[TASK INSTRUCTIONS] Wherever "Variables" appears in a line of the records below, count that line, and report only the number.

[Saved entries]
------------------------

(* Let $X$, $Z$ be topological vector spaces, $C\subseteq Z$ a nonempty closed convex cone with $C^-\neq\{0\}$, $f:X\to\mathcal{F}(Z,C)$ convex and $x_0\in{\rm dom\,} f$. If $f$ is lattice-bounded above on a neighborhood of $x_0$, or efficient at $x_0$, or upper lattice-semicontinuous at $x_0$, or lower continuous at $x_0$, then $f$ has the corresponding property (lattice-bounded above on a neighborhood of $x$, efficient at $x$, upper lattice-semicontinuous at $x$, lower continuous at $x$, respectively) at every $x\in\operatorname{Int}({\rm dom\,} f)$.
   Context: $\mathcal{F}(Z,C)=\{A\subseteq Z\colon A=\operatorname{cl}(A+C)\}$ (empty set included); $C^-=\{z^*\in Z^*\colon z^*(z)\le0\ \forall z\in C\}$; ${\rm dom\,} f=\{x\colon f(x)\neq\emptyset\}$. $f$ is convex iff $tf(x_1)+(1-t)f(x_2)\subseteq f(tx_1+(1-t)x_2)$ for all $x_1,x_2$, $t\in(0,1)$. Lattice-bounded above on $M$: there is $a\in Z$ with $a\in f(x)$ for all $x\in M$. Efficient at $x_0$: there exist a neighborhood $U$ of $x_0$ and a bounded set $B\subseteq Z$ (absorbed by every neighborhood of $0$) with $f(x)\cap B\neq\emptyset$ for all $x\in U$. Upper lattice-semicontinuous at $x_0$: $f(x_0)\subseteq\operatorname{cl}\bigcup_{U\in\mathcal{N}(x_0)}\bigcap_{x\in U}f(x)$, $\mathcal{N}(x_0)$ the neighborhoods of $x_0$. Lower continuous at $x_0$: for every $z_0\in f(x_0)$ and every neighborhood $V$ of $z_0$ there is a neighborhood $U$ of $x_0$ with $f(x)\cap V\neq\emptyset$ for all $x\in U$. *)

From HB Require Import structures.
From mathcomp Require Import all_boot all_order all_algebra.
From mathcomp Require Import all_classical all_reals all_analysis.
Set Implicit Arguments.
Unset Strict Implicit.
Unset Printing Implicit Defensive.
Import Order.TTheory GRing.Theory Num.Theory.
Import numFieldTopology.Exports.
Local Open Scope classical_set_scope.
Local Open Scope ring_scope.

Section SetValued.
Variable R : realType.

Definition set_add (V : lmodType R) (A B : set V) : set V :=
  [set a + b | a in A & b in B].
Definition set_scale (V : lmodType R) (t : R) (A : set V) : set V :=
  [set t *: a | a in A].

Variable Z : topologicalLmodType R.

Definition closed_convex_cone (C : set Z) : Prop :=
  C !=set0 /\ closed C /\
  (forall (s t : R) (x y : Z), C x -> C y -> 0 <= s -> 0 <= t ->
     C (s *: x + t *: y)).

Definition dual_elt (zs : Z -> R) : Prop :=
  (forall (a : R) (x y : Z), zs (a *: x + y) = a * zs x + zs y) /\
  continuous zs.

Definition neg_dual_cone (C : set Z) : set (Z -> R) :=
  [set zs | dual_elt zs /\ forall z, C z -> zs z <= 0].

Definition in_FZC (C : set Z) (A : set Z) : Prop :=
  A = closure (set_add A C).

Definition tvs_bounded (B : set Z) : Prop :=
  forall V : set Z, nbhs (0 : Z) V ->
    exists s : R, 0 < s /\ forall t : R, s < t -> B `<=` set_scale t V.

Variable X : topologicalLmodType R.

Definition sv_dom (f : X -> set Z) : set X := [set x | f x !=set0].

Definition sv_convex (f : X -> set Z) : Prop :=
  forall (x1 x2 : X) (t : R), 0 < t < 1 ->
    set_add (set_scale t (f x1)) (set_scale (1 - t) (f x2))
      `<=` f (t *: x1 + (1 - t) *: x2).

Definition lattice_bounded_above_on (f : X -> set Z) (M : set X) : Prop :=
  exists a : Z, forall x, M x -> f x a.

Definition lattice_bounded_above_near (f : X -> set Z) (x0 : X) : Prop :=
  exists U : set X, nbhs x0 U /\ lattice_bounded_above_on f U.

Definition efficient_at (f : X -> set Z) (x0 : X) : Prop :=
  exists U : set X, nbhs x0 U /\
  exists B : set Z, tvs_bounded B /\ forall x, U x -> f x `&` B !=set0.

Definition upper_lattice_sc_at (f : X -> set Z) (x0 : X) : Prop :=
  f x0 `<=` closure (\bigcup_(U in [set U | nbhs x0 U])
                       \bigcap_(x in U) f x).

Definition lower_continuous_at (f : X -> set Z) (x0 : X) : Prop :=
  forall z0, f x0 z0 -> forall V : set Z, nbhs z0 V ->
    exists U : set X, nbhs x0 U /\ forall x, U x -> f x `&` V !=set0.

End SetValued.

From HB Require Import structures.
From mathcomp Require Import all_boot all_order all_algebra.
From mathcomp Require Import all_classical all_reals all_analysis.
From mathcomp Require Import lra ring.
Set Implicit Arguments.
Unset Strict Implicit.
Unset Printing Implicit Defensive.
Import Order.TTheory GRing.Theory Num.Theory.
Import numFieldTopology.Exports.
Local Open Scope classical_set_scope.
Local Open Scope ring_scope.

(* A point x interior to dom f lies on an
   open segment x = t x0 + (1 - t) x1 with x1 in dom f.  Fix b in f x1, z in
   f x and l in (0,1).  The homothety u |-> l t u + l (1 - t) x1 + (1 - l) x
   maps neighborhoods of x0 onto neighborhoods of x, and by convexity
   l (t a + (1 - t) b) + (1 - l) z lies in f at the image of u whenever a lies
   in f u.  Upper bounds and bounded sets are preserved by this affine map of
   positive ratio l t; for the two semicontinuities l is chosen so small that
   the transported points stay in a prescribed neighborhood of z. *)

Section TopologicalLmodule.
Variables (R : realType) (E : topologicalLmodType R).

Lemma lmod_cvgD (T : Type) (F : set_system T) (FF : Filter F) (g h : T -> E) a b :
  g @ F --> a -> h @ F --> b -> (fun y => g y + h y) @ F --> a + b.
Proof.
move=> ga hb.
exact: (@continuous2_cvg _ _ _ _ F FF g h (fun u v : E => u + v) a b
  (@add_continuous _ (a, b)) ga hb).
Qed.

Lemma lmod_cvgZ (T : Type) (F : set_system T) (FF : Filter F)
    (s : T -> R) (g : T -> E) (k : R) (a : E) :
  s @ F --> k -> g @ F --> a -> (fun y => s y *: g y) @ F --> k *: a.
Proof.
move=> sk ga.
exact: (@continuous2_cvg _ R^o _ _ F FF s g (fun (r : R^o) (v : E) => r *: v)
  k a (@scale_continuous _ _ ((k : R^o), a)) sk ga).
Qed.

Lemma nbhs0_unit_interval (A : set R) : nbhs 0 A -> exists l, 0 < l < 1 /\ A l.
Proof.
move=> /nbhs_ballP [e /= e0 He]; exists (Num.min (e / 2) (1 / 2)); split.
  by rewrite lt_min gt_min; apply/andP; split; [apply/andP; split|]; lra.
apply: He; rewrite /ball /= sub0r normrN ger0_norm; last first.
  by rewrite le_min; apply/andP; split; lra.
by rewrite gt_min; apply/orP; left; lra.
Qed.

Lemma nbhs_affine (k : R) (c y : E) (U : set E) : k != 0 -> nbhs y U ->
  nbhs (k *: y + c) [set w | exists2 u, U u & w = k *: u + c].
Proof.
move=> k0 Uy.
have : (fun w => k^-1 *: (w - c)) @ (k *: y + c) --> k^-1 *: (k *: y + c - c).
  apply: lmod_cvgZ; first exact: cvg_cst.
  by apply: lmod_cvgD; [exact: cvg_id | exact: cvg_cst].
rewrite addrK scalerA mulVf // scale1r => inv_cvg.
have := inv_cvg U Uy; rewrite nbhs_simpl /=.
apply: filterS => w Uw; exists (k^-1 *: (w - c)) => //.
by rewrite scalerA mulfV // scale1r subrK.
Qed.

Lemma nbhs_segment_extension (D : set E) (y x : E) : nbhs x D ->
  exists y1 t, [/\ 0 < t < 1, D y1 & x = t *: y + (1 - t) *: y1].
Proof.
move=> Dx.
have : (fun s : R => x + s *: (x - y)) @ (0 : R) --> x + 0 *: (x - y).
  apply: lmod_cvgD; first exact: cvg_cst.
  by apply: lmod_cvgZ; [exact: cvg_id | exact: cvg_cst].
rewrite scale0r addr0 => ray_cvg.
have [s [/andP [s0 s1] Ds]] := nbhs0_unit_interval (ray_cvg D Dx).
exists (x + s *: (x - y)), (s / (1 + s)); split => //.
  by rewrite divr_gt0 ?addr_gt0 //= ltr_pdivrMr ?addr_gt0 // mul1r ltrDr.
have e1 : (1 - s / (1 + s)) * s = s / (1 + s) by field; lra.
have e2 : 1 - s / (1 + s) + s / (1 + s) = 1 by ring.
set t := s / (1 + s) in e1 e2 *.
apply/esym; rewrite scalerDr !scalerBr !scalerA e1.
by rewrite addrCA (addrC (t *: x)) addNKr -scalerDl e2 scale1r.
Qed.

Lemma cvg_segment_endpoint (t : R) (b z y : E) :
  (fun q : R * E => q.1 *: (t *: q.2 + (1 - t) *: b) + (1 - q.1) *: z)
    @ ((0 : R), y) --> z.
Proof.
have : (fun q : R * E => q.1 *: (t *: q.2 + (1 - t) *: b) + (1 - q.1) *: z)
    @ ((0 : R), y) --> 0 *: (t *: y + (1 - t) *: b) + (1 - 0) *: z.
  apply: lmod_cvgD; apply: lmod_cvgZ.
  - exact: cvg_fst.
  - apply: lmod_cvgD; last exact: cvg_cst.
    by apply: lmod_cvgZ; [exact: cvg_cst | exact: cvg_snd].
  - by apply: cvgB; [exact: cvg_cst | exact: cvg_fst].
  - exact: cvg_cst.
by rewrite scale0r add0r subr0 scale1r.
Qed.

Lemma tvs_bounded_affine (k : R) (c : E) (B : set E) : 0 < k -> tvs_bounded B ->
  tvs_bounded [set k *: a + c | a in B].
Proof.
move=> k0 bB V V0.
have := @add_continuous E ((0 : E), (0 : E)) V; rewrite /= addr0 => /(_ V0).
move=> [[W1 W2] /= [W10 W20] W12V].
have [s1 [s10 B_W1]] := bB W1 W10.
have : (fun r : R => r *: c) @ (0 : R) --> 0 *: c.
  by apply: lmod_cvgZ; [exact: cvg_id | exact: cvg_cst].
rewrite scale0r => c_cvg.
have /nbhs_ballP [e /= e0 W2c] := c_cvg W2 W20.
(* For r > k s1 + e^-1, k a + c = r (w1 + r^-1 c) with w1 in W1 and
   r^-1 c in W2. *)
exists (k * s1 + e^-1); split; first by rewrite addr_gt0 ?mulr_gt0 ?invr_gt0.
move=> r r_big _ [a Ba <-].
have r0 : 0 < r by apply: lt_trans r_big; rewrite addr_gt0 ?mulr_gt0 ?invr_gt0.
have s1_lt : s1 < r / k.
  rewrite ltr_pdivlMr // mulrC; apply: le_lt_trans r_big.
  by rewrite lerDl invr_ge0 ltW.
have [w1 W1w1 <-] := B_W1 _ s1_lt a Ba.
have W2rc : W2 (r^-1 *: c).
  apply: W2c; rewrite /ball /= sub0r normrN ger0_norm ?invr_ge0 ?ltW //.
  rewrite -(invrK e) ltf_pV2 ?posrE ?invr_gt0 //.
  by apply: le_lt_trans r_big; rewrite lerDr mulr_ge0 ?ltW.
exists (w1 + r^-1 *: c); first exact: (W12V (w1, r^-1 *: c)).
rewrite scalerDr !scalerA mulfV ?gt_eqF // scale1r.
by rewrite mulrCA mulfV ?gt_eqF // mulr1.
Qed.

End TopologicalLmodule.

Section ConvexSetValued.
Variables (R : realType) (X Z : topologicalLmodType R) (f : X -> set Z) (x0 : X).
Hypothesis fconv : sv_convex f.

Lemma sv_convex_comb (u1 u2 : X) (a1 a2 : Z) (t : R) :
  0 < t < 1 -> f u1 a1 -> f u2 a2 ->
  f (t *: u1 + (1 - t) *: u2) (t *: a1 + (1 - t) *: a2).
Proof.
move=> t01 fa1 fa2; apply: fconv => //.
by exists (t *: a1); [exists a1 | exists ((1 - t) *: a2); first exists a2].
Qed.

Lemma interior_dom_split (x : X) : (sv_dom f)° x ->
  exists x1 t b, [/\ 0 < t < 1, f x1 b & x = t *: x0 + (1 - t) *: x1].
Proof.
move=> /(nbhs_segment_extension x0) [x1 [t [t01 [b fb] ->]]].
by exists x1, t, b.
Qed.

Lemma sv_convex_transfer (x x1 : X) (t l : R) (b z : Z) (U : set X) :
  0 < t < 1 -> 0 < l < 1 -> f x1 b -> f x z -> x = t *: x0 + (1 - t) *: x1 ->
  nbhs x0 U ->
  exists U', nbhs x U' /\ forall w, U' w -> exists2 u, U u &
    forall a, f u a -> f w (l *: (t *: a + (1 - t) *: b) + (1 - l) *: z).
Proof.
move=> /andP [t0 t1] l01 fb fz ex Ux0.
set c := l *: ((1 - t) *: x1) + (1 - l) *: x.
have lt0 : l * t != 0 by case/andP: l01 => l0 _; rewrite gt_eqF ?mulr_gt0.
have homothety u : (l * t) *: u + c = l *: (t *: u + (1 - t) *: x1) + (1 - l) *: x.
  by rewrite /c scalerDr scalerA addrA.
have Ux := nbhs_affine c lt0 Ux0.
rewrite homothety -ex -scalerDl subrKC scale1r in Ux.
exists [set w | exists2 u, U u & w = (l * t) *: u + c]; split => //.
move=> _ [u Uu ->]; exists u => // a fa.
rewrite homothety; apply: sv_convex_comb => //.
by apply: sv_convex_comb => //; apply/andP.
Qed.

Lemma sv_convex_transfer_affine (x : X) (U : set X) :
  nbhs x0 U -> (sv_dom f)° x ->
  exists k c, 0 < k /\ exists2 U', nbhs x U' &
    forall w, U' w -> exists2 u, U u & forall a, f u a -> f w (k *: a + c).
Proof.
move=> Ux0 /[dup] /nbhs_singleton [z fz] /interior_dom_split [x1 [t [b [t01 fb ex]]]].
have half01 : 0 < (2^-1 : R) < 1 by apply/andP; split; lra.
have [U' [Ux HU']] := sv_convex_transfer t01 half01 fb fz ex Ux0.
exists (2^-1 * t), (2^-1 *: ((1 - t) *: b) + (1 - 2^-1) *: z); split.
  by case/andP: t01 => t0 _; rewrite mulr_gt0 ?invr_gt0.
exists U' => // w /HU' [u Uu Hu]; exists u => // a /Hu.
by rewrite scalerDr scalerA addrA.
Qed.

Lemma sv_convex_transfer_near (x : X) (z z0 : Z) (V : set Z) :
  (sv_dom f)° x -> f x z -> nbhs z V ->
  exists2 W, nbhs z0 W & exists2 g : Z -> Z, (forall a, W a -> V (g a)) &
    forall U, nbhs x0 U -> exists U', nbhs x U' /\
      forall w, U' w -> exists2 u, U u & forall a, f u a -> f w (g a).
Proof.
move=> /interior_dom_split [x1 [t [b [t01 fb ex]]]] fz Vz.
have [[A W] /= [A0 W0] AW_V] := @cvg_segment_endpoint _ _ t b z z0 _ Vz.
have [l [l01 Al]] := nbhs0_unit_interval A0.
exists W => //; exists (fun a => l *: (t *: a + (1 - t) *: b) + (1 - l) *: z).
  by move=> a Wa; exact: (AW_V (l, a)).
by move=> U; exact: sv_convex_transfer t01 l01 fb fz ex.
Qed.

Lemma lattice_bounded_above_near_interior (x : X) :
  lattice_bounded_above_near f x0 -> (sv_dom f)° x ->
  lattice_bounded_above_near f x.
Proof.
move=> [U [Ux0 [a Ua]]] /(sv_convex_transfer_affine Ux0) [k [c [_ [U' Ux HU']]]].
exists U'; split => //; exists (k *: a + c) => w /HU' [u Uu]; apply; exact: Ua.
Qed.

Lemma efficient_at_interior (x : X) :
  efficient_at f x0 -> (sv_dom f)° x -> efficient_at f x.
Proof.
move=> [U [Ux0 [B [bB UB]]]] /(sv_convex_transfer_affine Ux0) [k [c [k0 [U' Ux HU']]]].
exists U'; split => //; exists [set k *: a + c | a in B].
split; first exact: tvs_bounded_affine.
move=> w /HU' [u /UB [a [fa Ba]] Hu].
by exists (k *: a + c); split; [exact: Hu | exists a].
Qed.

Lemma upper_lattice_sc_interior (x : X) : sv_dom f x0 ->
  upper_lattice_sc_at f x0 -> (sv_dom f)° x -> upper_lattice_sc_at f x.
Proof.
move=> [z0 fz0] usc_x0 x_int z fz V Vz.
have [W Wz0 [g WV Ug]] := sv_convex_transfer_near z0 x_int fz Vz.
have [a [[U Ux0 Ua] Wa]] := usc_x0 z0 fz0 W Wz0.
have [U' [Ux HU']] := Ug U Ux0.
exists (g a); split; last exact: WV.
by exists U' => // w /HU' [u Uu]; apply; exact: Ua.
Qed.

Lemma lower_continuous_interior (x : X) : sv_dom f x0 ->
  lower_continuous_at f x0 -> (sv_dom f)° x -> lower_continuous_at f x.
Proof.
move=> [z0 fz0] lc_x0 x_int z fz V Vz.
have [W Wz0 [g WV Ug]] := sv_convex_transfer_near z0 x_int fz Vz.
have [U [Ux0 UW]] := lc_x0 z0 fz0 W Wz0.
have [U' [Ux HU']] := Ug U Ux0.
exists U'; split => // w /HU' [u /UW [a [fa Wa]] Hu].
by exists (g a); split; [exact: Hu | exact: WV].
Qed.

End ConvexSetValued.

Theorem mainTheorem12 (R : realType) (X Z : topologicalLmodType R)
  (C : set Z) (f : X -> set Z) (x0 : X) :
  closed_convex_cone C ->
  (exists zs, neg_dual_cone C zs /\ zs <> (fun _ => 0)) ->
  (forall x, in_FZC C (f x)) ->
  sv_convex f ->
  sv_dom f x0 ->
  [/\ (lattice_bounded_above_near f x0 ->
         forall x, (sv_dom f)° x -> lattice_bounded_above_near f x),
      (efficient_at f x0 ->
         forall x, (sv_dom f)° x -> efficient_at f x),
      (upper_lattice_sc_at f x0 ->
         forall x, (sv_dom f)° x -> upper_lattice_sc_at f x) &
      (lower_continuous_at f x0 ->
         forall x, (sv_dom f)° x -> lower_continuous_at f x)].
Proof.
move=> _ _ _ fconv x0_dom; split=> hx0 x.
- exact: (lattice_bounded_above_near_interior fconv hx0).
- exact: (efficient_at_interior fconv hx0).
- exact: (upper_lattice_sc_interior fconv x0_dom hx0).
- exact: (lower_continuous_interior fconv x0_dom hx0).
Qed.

------------------------

[WORKED SOLUTION] 2